Protein-protein interactions (PPIs) play a crucial role in numerous biological processes. Developing methods that predict binding affinity changes under substitution mutations is fundamental for modelling and re-engineering biological systems. Deep learning is increasingly recognized as a powerful tool capable of bridging the gap between in-silico predictions and in-vitro observations. With this contribution, we propose eGRAL, a novel SE(3) equivariant graph neural network (eGNN) architecture designed for predicting binding affinity changes from multiple amino acid substitutions in protein complexes. eGRAL leverages residue, atomic and evolutionary scales, thanks to features extracted from protein large language models. To address the limited availability of large-scale affinity assays with structural information, we generate a simulated dataset comprising approximately 500,000 data points. Our model is pre-trained on this dataset, then fine-tuned and tested on experimental data.
Paper Structure (22 sections, 11 figures, 6 tables)

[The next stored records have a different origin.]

Lemma probability_compl_bigsetU_ge {R : realType} {dT : measure_display}
    {T : measurableType dT} (P : probability T R) {p : nat} {B : 'I_p -> set T} {c : R} :
  (forall j, measurable (B j)) -> (forall j, (P (B j) <= c%:E)%E) ->
  ((1 - p%:R * c)%:E <= P (~` \big[setU/set0]_(j < p) B j))%E.
Proof.
move=> mB PB; pose A k := if insub k is Some j then B j else set0.
have AB (j : 'I_p) : A j = B j by rewrite /A valK.
have mA k : (k < p)%N -> measurable (A k).
  by move=> _; rewrite /A; case: insubP => [j _ _|_]; [exact: mB | exact: measurable0].
have -> : \big[setU/set0]_(j < p) B j = \big[setU/set0]_(j < p) A j.
  by apply: eq_bigr => j _; rewrite AB.
rewrite probability_setC; last by apply: bigsetU_measurable => j _; exact: mA.
rewrite EFinB leeB // (le_trans (Boole_inequality P mA)) //.
rewrite (_ : p%:R * c = \sum_(j < p) c); last by rewrite sumr_const card_ord mulr_natl.
by rewrite -sumEFin; apply: lee_sum => j _; rewrite AB; exact: PB.
Qed.

Lemma entropy_integral_ge0 {R : realType} {d n : nat} (X : 'I_n -> 'rV[R]_d)
    (delta : R) (F : set ('rV[R]_d -> R)) :
  (0 <= entropy_integral X delta F)%E.
Proof. by apply: integral_ge0 => u _; exact: sqrte_ge0. Qed.

Section DeltaBall.
Context {R : realType} {d n : nat} (X : 'I_n -> 'rV[R]_d).
Context {Gj : set ('rV[R]_d -> R)} {N : ('rV[R]_d -> R) -> R}.
Hypotheses (HG : fun_subspace Gj) (HN : seminorm_on Gj N).

Lemma G_delta_emp_norm_le {w : R} {f} : 0 < w -> G_delta X Gj N w f -> emp_norm X f <= w.
Proof.
move=> w0 [Gf ball]; have Nf0 := seminorm_ge0 HN Gf.
have : emp_norm X f / w <= 1 by lra.
by rewrite ler_pdivrMr // mul1r.
Qed.

(* [G_delta X Gj N w] is the unit ball of f |-> N f + ||f||_n / w, so the bound
   rescales to all of [Gj]. *)
Lemma emp_inner_le_of_ball {e : 'I_n -> R} {l w : R} : 0 < w -> 0 <= l ->
  (forall f, G_delta X Gj N w f -> `|emp_inner X e f| <= l * w) ->
  forall f, Gj f -> `|emp_inner X e f| <= l * w * N f + l * emp_norm X f.
Proof.
move=> w0 l0 ball f Gf; set c := N f + emp_norm X f / w.
have c0 : 0 <= c by rewrite addr_ge0 ?divr_ge0 ?emp_norm_ge0 ?(seminorm_ge0 HN) ?ltW.
have -> : l * w * N f + l * emp_norm X f = l * w * c by rewrite /c; field; rewrite gt_eqF.
apply: (ler_of_ler_addt (c := l * w)) => [|t /andP[t0 _]]; first exact: mulr_ge0 l0 (ltW w0).
have s0 : 0 < c + t by rewrite ltr_wpDl.
have := ball (fun x => (c + t)^-1 * f x).
rewrite emp_innerZ normrM gtr0_norm ?invr_gt0 // -ler_pdivlMl ?invr_gt0 // invrK.
have -> : l * w * c + t * (l * w) = (c + t) * (l * w) by ring.
apply; split; first exact: subspaceZ.
rewrite (seminormZ HN) // emp_normZ gtr0_norm ?invr_gt0 // -mulrA -mulrDr.
by rewrite mulrC -/c ler_pdivrMr // mul1r lerDl ltW.
Qed.
(* Let $D$ be a finite set of $n$ training instances partitioned into $K$ disjoint nonempty clusters $D = C_1 \cup \dots \cup C_K$ with $|C_k| = n_k \ge 1$. Let $m_1,\dots,m_K > 0$ and $\lambda_1, \lambda_2 > 0$ with $m_k = \lambda_2 n_k$ for all $k$, and set $u_k = \lambda_1 m_k$. Define $v(S) = \sum_{k=1}^K u_k\, \mathbf{1}\{S \cap C_k \neq \emptyset\}$ for $S \subseteq D$. Then for every $k$ and every $i \in C_k$: (i) the Shapley value of $i$ in $(D,v)$ equals $\lambda_1\lambda_2$, independently of $k$; (ii) the Banzhaf value of $i$ in $(D,v)$ equals $\lambda_1\lambda_2\, n_k/2^{\,n_k-1}$, and the map $n_k \mapsto n_k/2^{\,n_k-1}$ is non-increasing on positive integers and strictly decreasing for $n_k \ge 2$.
   Context: Interpretation: $m_k$ is the number of test points associated with cluster $C_k$ and $u_k$ the utility of the cluster (e.g. $\lambda_1 = 1/\sum_k m_k$ for accuracy). The Shapley value of $i$ is $\phi_i = \mathbb{E}_{\pi}[v(S_i(\pi)\cup\{i\}) - v(S_i(\pi))]$ with $\pi$ a uniformly random ordering of $D$ and $S_i(\pi)$ the players preceding $i$; the Banzhaf value is $\phi_i = 2^{-(n-1)}\sum_{S\subseteq D\setminus\{i\}}(v(S\cup\{i\})-v(S))$ where $n=|D|$. *)

From mathcomp Require Import all_boot all_order all_algebra all_fingroup.
Set Implicit Arguments. Unset Strict Implicit. Unset Printing Implicit Defensive.
Import Order.TTheory GRing.Theory Num.Theory.
Local Open Scope ring_scope.

Section Games.
Variables (R : realFieldType) (T : finType).

(* An ordering of the player set T is encoded by a permutation pi of T:
   player j is placed at position enum_rank (pi j).  Uniform pi gives a
   uniform ordering.  pred_set pi i = players preceding i. *)
Definition pred_set (pi : {perm T}) (i : T) : {set T} :=
  [set j | (enum_rank (pi j) < enum_rank (pi i))%N].

Definition shapley (v : {set T} -> R) (i : T) : R :=
  (#|{perm T}|%:R)^-1 *
  \sum_(pi : {perm T}) (v (pred_set pi i :|: [set i]) - v (pred_set pi i)).

Definition banzhaf (v : {set T} -> R) (i : T) : R :=
  (2 ^+ (#|T|.-1))^-1 *
  \sum_(S : {set T} | i \notin S) (v (S :|: [set i]) - v S).

Definition cluster (K : nat) (c : T -> 'I_K) (k : 'I_K) : {set T} :=
  [set j | c j == k].

Definition cover_game (K : nat) (c : T -> 'I_K) (u : 'I_K -> R)
  (S : {set T}) : R :=
  \sum_(k < K) u k * (S :&: cluster c k != set0)%:R.

End Games.

(* Only the cluster of [i] reacts to adding [i]: the marginal contribution of
   [i] to [S] is [u_k] exactly when [S] misses the cluster [C_k] of [i], and 0
   otherwise.  For the Shapley value, [S] is the set of players preceding [i]
   in a random ordering, and [S] misses [C_k] iff [i] comes first in [C_k];
   swapping [i] with another member of [C_k] shows that each of the [n_k]
   members is first equally often, so this happens with probability [1/n_k].
   For the Banzhaf value, the sets [S] avoiding [C_k] are the subsets of the
   complement of [C_k], so there are [2^(n - n_k)] of them among the
   [2^(n-1)] sets not containing [i].  With [u_k = lam1 lam2 n_k] this gives
   [lam1 lam2] and [lam1 lam2 n_k / 2^(n_k - 1)]; the monotonicity of
   [n / 2^(n-1)] is the inequality [n + 1 <= 2 n]. *)
From mathcomp Require Import all_boot all_order all_algebra all_fingroup.
From mathcomp Require Import ring zify.
Set Implicit Arguments. Unset Strict Implicit. Unset Printing Implicit Defensive.
Import Order.TTheory GRing.Theory Num.Theory.
Local Open Scope ring_scope.

Section FirstInOrdering.
Variable T : finType.
Implicit Types (C : {set T}) (pi : {perm T}).

Definition first_in C (i : T) pi : bool := pred_set pi i :&: C == set0.

Lemma first_in_tperm C i j pi : i \in C -> j \in C ->
  first_in C i (tperm i j * pi)%g = first_in C j pi.
Proof.
move=> iC jC.
have tC x : (tperm i j x \in C) = (x \in C) by case: tpermP => // ->; rewrite iC jC.
rewrite /first_in; apply/idP/idP => /eqP/setP E; apply/eqP/setP => x;
  by have := E (tperm i j x); rewrite !inE !permM ?tpermK tpermL tC.
Qed.

Lemma sum_first_in C i pi : i \in C -> (\sum_(j in C) first_in C j pi)%N = 1%N.
Proof.
move=> iC; case: (arg_minnP (fun j => val (enum_rank (pi j))) iC) => j0 j0C' j0_min.
have j0C : j0 \in C := j0C'.
have firstE j : j \in C -> first_in C j pi = (j == j0).
  move=> jC; rewrite /first_in; have [-> | ne] := eqVneq j j0.
    apply/eqP/setP => x; rewrite !inE; apply/negbTE/andP => -[lt_x xC].
    by move: (j0_min x xC); rewrite leqNgt lt_x.
  apply/negbTE/set0Pn; exists j0; rewrite !inE j0C andbT ltn_neqAle j0_min //.
  rewrite andbT; apply: contra ne => /eqP eq_rank; apply/eqP.
  by apply: (@perm_inj _ pi); apply: enum_rank_inj; apply: val_inj.
rewrite (eq_bigr (fun j => nat_of_bool (j == j0))) => [|j jC]; last by rewrite firstE.
by rewrite (bigD1 j0) //= eqxx big1 // => j /andP[_ /negbTE ->].
Qed.

Lemma count_first_in_eq C i j : i \in C -> j \in C ->
  (\sum_pi first_in C i pi)%N = (\sum_pi first_in C j pi)%N.
Proof.
move=> iC jC; rewrite (reindex_inj (mulgI (tperm i j))) /=.
by apply: eq_bigr => pi _; rewrite first_in_tperm.
Qed.

Lemma count_first_in C i : i \in C ->
  (#|C| * \sum_pi first_in C i pi)%N = #|{perm T}|.
Proof.
move=> iC; rewrite -sum_nat_const.
rewrite (eq_bigr (fun j => \sum_pi first_in C j pi)%N) => [|j jC]; last first.
  exact: count_first_in_eq.
rewrite exchange_big /= -sum1_card.
by apply: eq_bigr => pi _; apply: sum_first_in iC.
Qed.

End FirstInOrdering.

Lemma card_notin_disjoint (T : finType) (C : {set T}) (i : T) : i \in C ->
  #|[set S : {set T} | (i \notin S) && (S :&: C == set0)]| = (2 ^ #|~: C|)%N.
Proof.
move=> iC; rewrite -card_powerset; apply: eq_card => S.
rewrite !inE -disjoints_subset -setI_eq0 andb_idl // => /eqP/setP SC.
by apply/negP => iS; have := SC i; rewrite !inE iS iC.
Qed.

Section HalvingRatio.
Variable R : numFieldType.

Definition halving_ratio (n : nat) : R := n%:R / 2 ^+ (n - 1).

Lemma halving_ratio_succ_le n : (0 < n)%N -> halving_ratio n.+1 <= halving_ratio n.
Proof.
case: n => // n _; rewrite /halving_ratio !subn1 /= exprS invfM mulrA.
rewrite ler_pM2r ?invr_gt0 ?exprn_gt0 // ler_pdivrMr // -natrM ler_nat; lia.
Qed.

Lemma halving_ratio_succ_lt n : (1 < n)%N -> halving_ratio n.+1 < halving_ratio n.
Proof.
case: n => // n n_gt0; rewrite /halving_ratio !subn1 /= exprS invfM mulrA.
rewrite ltr_pM2r ?invr_gt0 ?exprn_gt0 // ltr_pdivrMr // -natrM ltr_nat; lia.
Qed.

Lemma halving_ratio_le a b : (0 < a)%N -> (a <= b)%N -> halving_ratio b <= halving_ratio a.
Proof.
move=> a_gt0 le_ab.
apply: (@homo_leq_in _ [pred n | 0 < n]%N halving_ratio (fun x y => y <= x)) => //=.
- by move=> y x z xy yz; apply: le_trans yz xy.
- by move=> x y x_gt0 _ z /andP[xz _]; rewrite inE (ltn_trans x_gt0 xz).
- by move=> n; rewrite !inE => n_gt0 _; apply: halving_ratio_succ_le.
- by rewrite inE (leq_trans a_gt0).
Qed.

Lemma halving_ratio_lt a b : (1 < a)%N -> (a < b)%N -> halving_ratio b < halving_ratio a.
Proof.
move=> a_gt1 lt_ab.
apply: (@homo_ltn_in _ [pred n | 1 < n]%N halving_ratio (fun x y => y < x)) => //=.
- by move=> y x z xy yz; apply: lt_trans yz xy.
- by move=> x y x_gt1 _ z /andP[xz _]; rewrite inE (ltn_trans x_gt1 xz).
- by move=> n; rewrite !inE => n_gt1 _; apply: halving_ratio_succ_lt.
- by rewrite inE (ltn_trans a_gt1).
Qed.

End HalvingRatio.

Section ClusterGame.
Variables (R : realFieldType) (T : finType) (K : nat) (c : T -> 'I_K).
Variables (u : 'I_K -> R) (k : 'I_K) (i : T).
Hypothesis ik : i \in cluster c k.

Lemma cover_game_marginal (S : {set T}) :
  cover_game c u (S :|: [set i]) - cover_game c u S =
  u k * (S :&: cluster c k == set0)%:R.
Proof.
have ci : c i = k by move: ik; rewrite inE => /eqP.
rewrite /cover_game -sumrB (bigD1 k) //= big1 => [|l lk]; last first.
  rewrite setIUl; suff -> : [set i] :&: cluster c l = set0 by rewrite setU0 subrr.
  apply/setP => x; rewrite !inE; apply/negbTE/andP => -[/eqP -> /eqP il].
  by move: lk; rewrite -il ci eqxx.
have -> : (S :|: [set i]) :&: cluster c k != set0.
  by apply/set0Pn; exists i; rewrite !inE eqxx ci eqxx orbT.
by rewrite addr0 -mulrBr; case: (_ == set0); rewrite /= ?subr0 ?subrr ?mulr0.
Qed.

Lemma cluster_card_gt0 : (0 < #|cluster c k|)%N.
Proof. by apply/card_gt0P; exists i. Qed.

Lemma shapley_cover_game :
  shapley (cover_game c u) i = u k / #|cluster c k|%:R.
Proof.
have count := count_first_in ik.
have nC : (#|cluster c k|%:R : R) != 0 by rewrite pnatr_eq0 -lt0n cluster_card_gt0.
have nF : ((\sum_pi first_in (cluster c k) i pi)%N%:R : R) != 0.
  have perm_gt0 : (0 < #|{perm T}|)%N by apply/card_gt0P; exists 1%g.
  by move: perm_gt0; rewrite pnatr_eq0 -lt0n -count muln_gt0 => /andP[].
rewrite /shapley; under eq_bigr => pi _ do rewrite cover_game_marginal.
rewrite -mulr_sumr -natr_sum -count natrM.
by field; rewrite nC nF.
Qed.

Lemma banzhaf_cover_game :
  banzhaf (cover_game c u) i = u k / 2 ^+ (#|cluster c k| - 1).
Proof.
rewrite /banzhaf; under eq_bigr => S _ do rewrite cover_game_marginal.
rewrite -mulr_sumr -natr_sum -big_mkcondr /= sum1dep_card card_notin_disjoint //.
rewrite -(cardsC (cluster c k)) -subn1 -addnBAC ?cluster_card_gt0 // exprD natrX.
by rewrite invfM mulrCA mulfVK // expf_neq0 // pnatr_eq0.
Qed.

End ClusterGame.

Theorem mainTheorem3 (R : realFieldType) (T : finType) (K : nat)
  (c : T -> 'I_K) (m : 'I_K -> R) (lam1 lam2 : R) :
  (forall k : 'I_K, exists j : T, c j = k) ->
  (forall k : 'I_K, 0 < m k) ->
  0 < lam1 -> 0 < lam2 ->
  (forall k : 'I_K, m k = lam2 * #|cluster c k|%:R) ->
  let v := cover_game c (fun k => lam1 * m k) in
  forall (k : 'I_K) (i : T), i \in cluster c k ->
    shapley v i = lam1 * lam2 /\
    banzhaf v i = lam1 * lam2 * (#|cluster c k|%:R / 2 ^+ (#|cluster c k| - 1)) /\
    (forall a b : nat, (1 <= a)%N -> (a <= b)%N ->
       (b%:R / 2 ^+ (b - 1) : R) <= a%:R / 2 ^+ (a - 1)) /\
    (forall a b : nat, (2 <= a)%N -> (a < b)%N ->
       (b%:R / 2 ^+ (b - 1) : R) < a%:R / 2 ^+ (a - 1)).
Proof.
move=> _ _ _ _ m_card v k i ik.
have n_neq0 : (#|cluster c k|%:R : R) != 0 by rewrite pnatr_eq0 -lt0n (cluster_card_gt0 ik).
split; first by rewrite (shapley_cover_game _ ik) /= m_card mulrA mulfK.
split; first by rewrite (banzhaf_cover_game _ ik) /= m_card !mulrA.
by split; [exact: halving_ratio_le | exact: halving_ratio_lt].
Qed.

This paper contains 22 sections, 11 figures, 6 tables.

Figures (11)

  • Figure 1: Schematic of the residue graphs. Partners AB and C refer to the individual proteins (or sub-units) that interact to form the complex. Each node describes an amino acid represented by multiple features, and edges are drawn between nodes within 9 Å. The nodes can include ESM2-generated features while the edges include information on how the partners interact.
  • Figure 2: Performance of fine-tuned eGRAL-ESM (top row) and eGRAL-noESM (bottom row). Results are broken down as follows; (a) per PDB; (b) per number of mutations for SKEMPIcl,test; and (c) per number of mutations for RBDtest. The Pearson correlation coefficient ($\rho$) is reported. Marker size is proportional to the number of points used to calculate the correlation. The colouring refers to the different PDB IDs or number of mutations. In column (b) and (c), the numbering refers to number of mutations. The vertical line marks a significant p-value of 0.05.
  • Figure 3: $\Delta\Delta G$ predicted by the Rosetta-based scorer against the experimental values in SKEMPIcl for the intersection between ROSETTAsim and SKEMPIcl.
  • Figure 4: Frequency of data points in SKEMPIcl per number of mutation in different splits. Namely from left to right: training, validation and test split.
  • Figure 5: Predicted results against ground truth by pre-trained eGRAL-noESM (top row) and eGRAL-ESM (bottom row) on ROSETTAsim,test: the predictions are reported for 4 PDB IDs. Scores and RMSE are expressed in kcal/mol. Pearson and Spearman correlation coefficients and number of data points are also reported.